The Raffles Megapack
Page 97
At this point the telephone bell rang.
“Hello,” said Holmes, answering immediately, and in a voice entirely unlike his own. “Yes—what? Oh yes. Ask him to come up.”
He hung up the receiver, put a cigar in his mouth, lit it, and turned to me.
“It’s Cato—just called. Coming up,” said he.
“I wish to Heavens I was going down,” I said.
“You’re an odd duck, Jenkins,” grinned Holmes. “Here you are with a front seat at what promises to be one of the greatest shows on Earth, a real live melodrama, and all you can think of is home and mother. Brace up—for here he is.”
There was a knock on the door.
“Come in,” called Holmes.
A tall, cadaverous looking man opened the door and entered. As his eye fell upon us, he paused on the threshold.

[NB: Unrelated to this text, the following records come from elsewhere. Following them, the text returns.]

(* For $t\in\bar\tau_\delta=\{0,\delta,\dots,T\}$ let $v^t$ be the value function at time $t$ and $v_h^t$ its approximation given by the ideal max-plus finite element method. Then \[ \|v_h^T-v^T\|_\infty\leq\Big(1+\frac T\delta\Big)\sup_{t\in\bar\tau_\delta}\Big(\|P^{-\mathcal Z_h}(v^t)-v^t\|_\infty+\|P_{\mathcal W_h}(v^t)-v^t\|_\infty\Big). \]
   Context: Optimal control setting: $X\subseteq\mathbb{R}^n$, $U\subseteq\mathbb{R}^m$, $\ell:X\times U\to\mathbb R$, $f:X\times U\to\mathbb{R}^n$, $T>0$, $\phi:X\to\mathbb{R}\cup\{-\infty\}$. For $t\ge0$ and $g:X\to\overline{\mathbb R}$, $S^tg(x)=\sup\{\int_0^t\ell(\mathbf x(s),\mathbf u(s))ds+g(\mathbf x(t))\}$ over measurable $\mathbf u:[0,t]\to U$ and absolutely continuous $\mathbf x:[0,t]\to X$ with $\dot{\mathbf x}=f(\mathbf x,\mathbf u)$ a.e. and $\mathbf x(0)=x$; value function $v^t=S^t\phi$. Arithmetic in $\overline{\mathbb R}=\mathbb{R}\cup\{\pm\infty\}$ with $-\infty$ absorbing for $+$; $a\backslash b=\max\{\lambda\in\overline{\mathbb{R}}:a+\lambda\leq b\}$. $\langle u,v\rangle=\sup_{x\in X}(u(x)+v(x))$. Finite elements $w_1,\dots,w_p$ and test functions $z_1,\dots,z_q$, functions $X\to\mathbb{R}\cup\{-\infty\}$. $W_h\lambda=\sup_i(w_i+\lambda_i)$; $(W_h\backslash g)_i=\inf_{x\in X}(w_i(x)\backslash g(x))$; $P_{\mathcal W_h}g=W_h(W_h\backslash g)$; $P^{-\mathcal Z_h}g(x)=\min_j\big(z_j(x)\backslash\langle z_j,g\rangle\big)$. For a matrix $A$: $(A\lambda)_j=\max_k(A_{jk}+\lambda_k)$, $(A\backslash\mu)_i=\min_jA_{ji}\backslash\mu_j$. Ideal max-plus finite element method: $N\geq1$, $\delta=T/N$, $(M_h)_{ji}=\langle z_j,w_i\rangle$, $(K_h)_{ji}=\langle z_j,S^\delta w_i\rangle$, $\lambda^0=W_h\backslash\phi$, $\lambda^{t+\delta}=M_h\backslash(K_h\lambda^t)$, $v_h^t=W_h\lambda^t$. For $u,v:X\to\overline{\mathbb R}$, $\|u-v\|_\infty=\inf\{\lambda\geq0: v-\lambda\leq u\leq v+\lambda\}$ (equal to $\sup_x|u(x)-v(x)|$ when $u-v$ is finite-valued). *)

From HB Require Import structures.
From mathcomp Require Import all_boot all_order all_algebra.
From mathcomp Require Import all_classical all_reals all_analysis.
Set Implicit Arguments. Unset Strict Implicit. Unset Printing Implicit Defensive.
Import Order.TTheory GRing.Theory Num.Theory.
Import numFieldNormedType.Exports.
Local Open Scope classical_set_scope.
Local Open Scope ring_scope.

Section MaxPlus.
Variable R : realType.

(* residuation a \ b = max { lambda in \bar R : a + lambda <= b }
   (with -oo absorbing for +, which is mathcomp's adde) *)
Definition resid (a b : \bar R) : \bar R := ereal_sup [set l | (a + l <= b)%E].

Definition abs_cont_on n (y : R -> 'rV[R]_n) (t : R) : Prop :=
  forall e : R, 0 < e -> exists2 d : R, 0 < d &
    forall (K : nat) (a b : nat -> R),
      (forall k, (k < K)%N -> 0 <= a k /\ a k <= b k /\ b k <= t) ->
      (forall k, (k.+1 < K)%N -> b k <= a k.+1) ->
      \sum_(k < K) (b k - a k) < d ->
      \sum_(k < K) `|y (b k) - y (a k)| < e.

Definition admissible n m (X : set 'rV[R]_n) (U : set 'rV[R]_m)
  (ell : 'rV[R]_n -> 'rV[R]_m -> R) (f : 'rV[R]_n -> 'rV[R]_m -> 'rV[R]_n)
  (t : R) (x0 : 'rV[R]_n) (u : R -> 'rV[R]_m) (y : R -> 'rV[R]_n) : Prop :=
  (forall s, `[0, t]%classic s -> U (u s)) /\
  (forall i : 'I_m, measurable_fun `[0, t]%classic (fun s => u s ord0 i)) /\
  (forall s, `[0, t]%classic s -> X (y s)) /\
  abs_cont_on y t /\
  {ae @lebesgue_measure R, forall s, `]0, t[%classic s ->
      derivable y s 1 /\ 'D_1 y s = f (y s) (u s)} /\
  y 0 = x0 /\
  measurable_fun `[0, t]%classic (fun s => ell (y s) (u s)).

Definition run_cost n m (ell : 'rV[R]_n -> 'rV[R]_m -> R) (t : R)
  (u : R -> 'rV[R]_m) (y : R -> 'rV[R]_n) : \bar R :=
  \int[@lebesgue_measure R]_(s in `[0, t]) (ell (y s) (u s))%:E.

Definition S n m (X : set 'rV[R]_n) (U : set 'rV[R]_m)
  (ell : 'rV[R]_n -> 'rV[R]_m -> R) (f : 'rV[R]_n -> 'rV[R]_m -> 'rV[R]_n)
  (t : R) (g : 'rV[R]_n -> \bar R) (x : 'rV[R]_n) : \bar R :=
  ereal_sup [set r | exists u y, admissible X U ell f t x u y /\
     r = (run_cost ell t u y + g (y t))%E].

Definition supnorm n (X : set 'rV[R]_n) (u v : 'rV[R]_n -> \bar R) : \bar R :=
  ereal_inf [set l | (0 <= l)%E /\
     forall x, X x -> (v x - l <= u x)%E /\ (u x <= v x + l)%E].

Definition pairing n (X : set 'rV[R]_n) (u v : 'rV[R]_n -> \bar R) : \bar R :=
  ereal_sup [set (u x + v x)%E | x in X].

Definition Wop n p (w : 'I_p -> 'rV[R]_n -> \bar R) (lam : 'I_p -> \bar R)
  : 'rV[R]_n -> \bar R :=
  fun x => ereal_sup [set (w i x + lam i)%E | i in [set: 'I_p]].

Definition Wres n p (X : set 'rV[R]_n) (w : 'I_p -> 'rV[R]_n -> \bar R)
  (g : 'rV[R]_n -> \bar R) : 'I_p -> \bar R :=
  fun i => ereal_inf [set resid (w i x) (g x) | x in X].

Definition PW n p (X : set 'rV[R]_n) (w : 'I_p -> 'rV[R]_n -> \bar R)
  (g : 'rV[R]_n -> \bar R) : 'rV[R]_n -> \bar R := Wop w (Wres X w g).

Definition PZ n q (X : set 'rV[R]_n) (z : 'I_q -> 'rV[R]_n -> \bar R)
  (g : 'rV[R]_n -> \bar R) : 'rV[R]_n -> \bar R :=
  fun x => ereal_inf [set resid (z j x) (pairing X (z j) g) | j in [set: 'I_q]].

Definition mxact q p (A : 'I_q -> 'I_p -> \bar R) (lam : 'I_p -> \bar R)
  : 'I_q -> \bar R :=
  fun j => ereal_sup [set (A j k + lam k)%E | k in [set: 'I_p]].

Definition mxres q p (A : 'I_q -> 'I_p -> \bar R) (mu : 'I_q -> \bar R)
  : 'I_p -> \bar R :=
  fun i => ereal_inf [set resid (A j i) (mu j) | j in [set: 'I_q]].

Fixpoint mpfem_coeffs n m p q (X : set 'rV[R]_n) (U : set 'rV[R]_m)
  (ell : 'rV[R]_n -> 'rV[R]_m -> R) (f : 'rV[R]_n -> 'rV[R]_m -> 'rV[R]_n)
  (delta : R) (phi : 'rV[R]_n -> \bar R)
  (w : 'I_p -> 'rV[R]_n -> \bar R) (z : 'I_q -> 'rV[R]_n -> \bar R)
  (k : nat) : 'I_p -> \bar R :=
  match k with
  | O => Wres X w phi
  | k'.+1 =>
      let M := fun j i => pairing X (z j) (w i) in
      let Kh := fun j i => pairing X (z j) (S X U ell f delta (w i)) in
      mxres M (mxact Kh (mpfem_coeffs X U ell f delta phi w z k'))
  end.

End MaxPlus.

(* Let e_k be the sup-norm error of the method at time k delta and eps_k the
   sum of the two projection errors of v^(k delta).  The operators S^delta,
   P^(-Z_h) and P_(W_h) are monotone and commute with the addition of
   constants, hence are nonexpansive for the sup-norm.  Since S^delta commutes
   with max-plus combinations and with the pairings, the method reads
   v_h^(t+delta) = P_(W_h) P^(-Z_h) S^delta v_h^t, whereas the dynamic
   programming principle S^(s+t) = S^s S^t (gluing and splitting trajectories)
   gives v^(t+delta) = S^delta v^t.  The triangle inequality through
   P_(W_h) P^(-Z_h) v^(t+delta) then yields e_(k+1) <= e_k + eps_(k+1), the
   first step being bounded by eps_0 + eps_1, and summing over the N + 1
   instants gives the factor N + 1 = 1 + T/delta. *)

From HB Require Import structures.
From mathcomp Require Import all_boot all_order all_algebra.
From mathcomp Require Import all_classical all_reals all_analysis.
From mathcomp Require Import measurable_realfun.
From mathcomp Require Import lra.
Import Order.TTheory GRing.Theory Num.Theory.
Import numFieldNormedType.Exports.
Set Implicit Arguments. Unset Strict Implicit. Unset Printing Implicit Defensive.
Local Open Scope classical_set_scope.
Local Open Scope ring_scope.

Section ExtendedRealBounds.
Variable R : realType.
Local Open Scope ereal_scope.
Implicit Types (a b c l m : \bar R) (A : set \bar R).

Lemma ereal_sup_leP A m : ereal_sup A <= m <-> (forall a, A a -> a <= m).
Proof.
split=> [supAm a Aa|]; last exact: ge_ereal_sup.
exact: le_trans (ereal_sup_ubound Aa) supAm.
Qed.

Lemma ereal_inf_geP A m : m <= ereal_inf A <-> (forall a, A a -> m <= a).
Proof.
split=> [minfA a Aa|]; last exact: le_ereal_inf_tmp.
exact: le_trans minfA (ereal_inf_lbound Aa).
Qed.

Lemma ereal_sup_addl_leP A c m :
  c + ereal_sup A <= m <-> (forall a, A a -> c + a <= m).
Proof.
split=> [cAm a Aa|cAm].
  by apply: le_trans cAm; apply: leeD => //; exact: ereal_sup_ubound.
case: c cAm => [r| |] cAm; last by rewrite leNye.
- rewrite addeC -leeBrDr //; apply/ereal_sup_leP => a Aa.
  by rewrite leeBrDr // addeC; exact: cAm.
- have [->|m_noty] := eqVneq m +oo; first exact: leey.
  suff /eqP -> : ereal_sup A == -oo by rewrite addeNy leNye.
  rewrite -leeNy_eq; apply/ereal_sup_leP => a Aa; move: (cAm a Aa).
  by case: a {Aa} => [r| |] //=; rewrite ?addye ?leye_eq ?(negbTE m_noty).
Qed.

Lemma ereal_sup_addr_leP A c m :
  ereal_sup A + c <= m <-> (forall a, A a -> a + c <= m).
Proof.
rewrite addeC ereal_sup_addl_leP.
by split=> cAm a /cAm; rewrite addeC.
Qed.

Lemma resid_geP a b l : l <= resid a b <-> a + l <= b.
Proof.
split=> [lab|]; last exact: ereal_sup_ubound.
apply: le_trans (leeD (lexx a) lab) _.
by apply/ereal_sup_addl_leP.
Qed.

Lemma resid_le_shift a b b' (l : R) :
  b <= b' + l%:E -> resid a b <= resid a b' + l%:E.
Proof.
move=> bb'; rewrite -leeBlDr //; apply/resid_geP; rewrite addeA leeBlDr //.
by apply: le_trans bb'; apply/resid_geP.
Qed.

Lemma ereal_sup_image_le_shift (I : Type) (D : set I) (F G : I -> \bar R) (l : R) :
  (forall i, D i -> F i <= G i + l%:E) ->
  ereal_sup (F @` D) <= ereal_sup (G @` D) + l%:E.
Proof.
move=> FG; apply/ereal_sup_leP => _ [i Di <-]; apply: le_trans (FG i Di) _.
by apply: leeD => //; apply: ereal_sup_ubound; exists i.
Qed.

Lemma ereal_inf_image_le_shift (I : Type) (D : set I) (F G : I -> \bar R) (l : R) :
  (forall i, D i -> F i <= G i + l%:E) ->
  ereal_inf (F @` D) <= ereal_inf (G @` D) + l%:E.
Proof.
move=> FG; rewrite -leeBlDr //; apply/ereal_inf_geP => _ [i Di <-].
by rewrite leeBlDr //; apply: le_trans (FG i Di); apply: ereal_inf_lbound; exists i.
Qed.

End ExtendedRealBounds.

“I beg your pardon,” he said. “I—I’m afraid I’m in the wrong—”
“Not at all—come in and sit down,” said Holmes cordially. “That is if you are our friend and partner, Cato—Darlington couldn’t wait—”
“Couldn’t wait?” said Cato.
“Nope,” said Holmes. “He was very much annoyed by the delay, Cato. You see he’s on bigger jobs than this puny little affair of Bar, LeDuc’s, and your failure to appear on schedule time threw him out. Pearls aren’t the only chips in Darlington’s game, my boy.”
“Well—I couldn’t help it,” said Cato. “Bar, LeDuc’s messenger didn’t get down there until five minutes of six.”
“Why should that have kept you until eight?” said Holmes.
“I’ve got a few side jobs of my own,” growled Cato.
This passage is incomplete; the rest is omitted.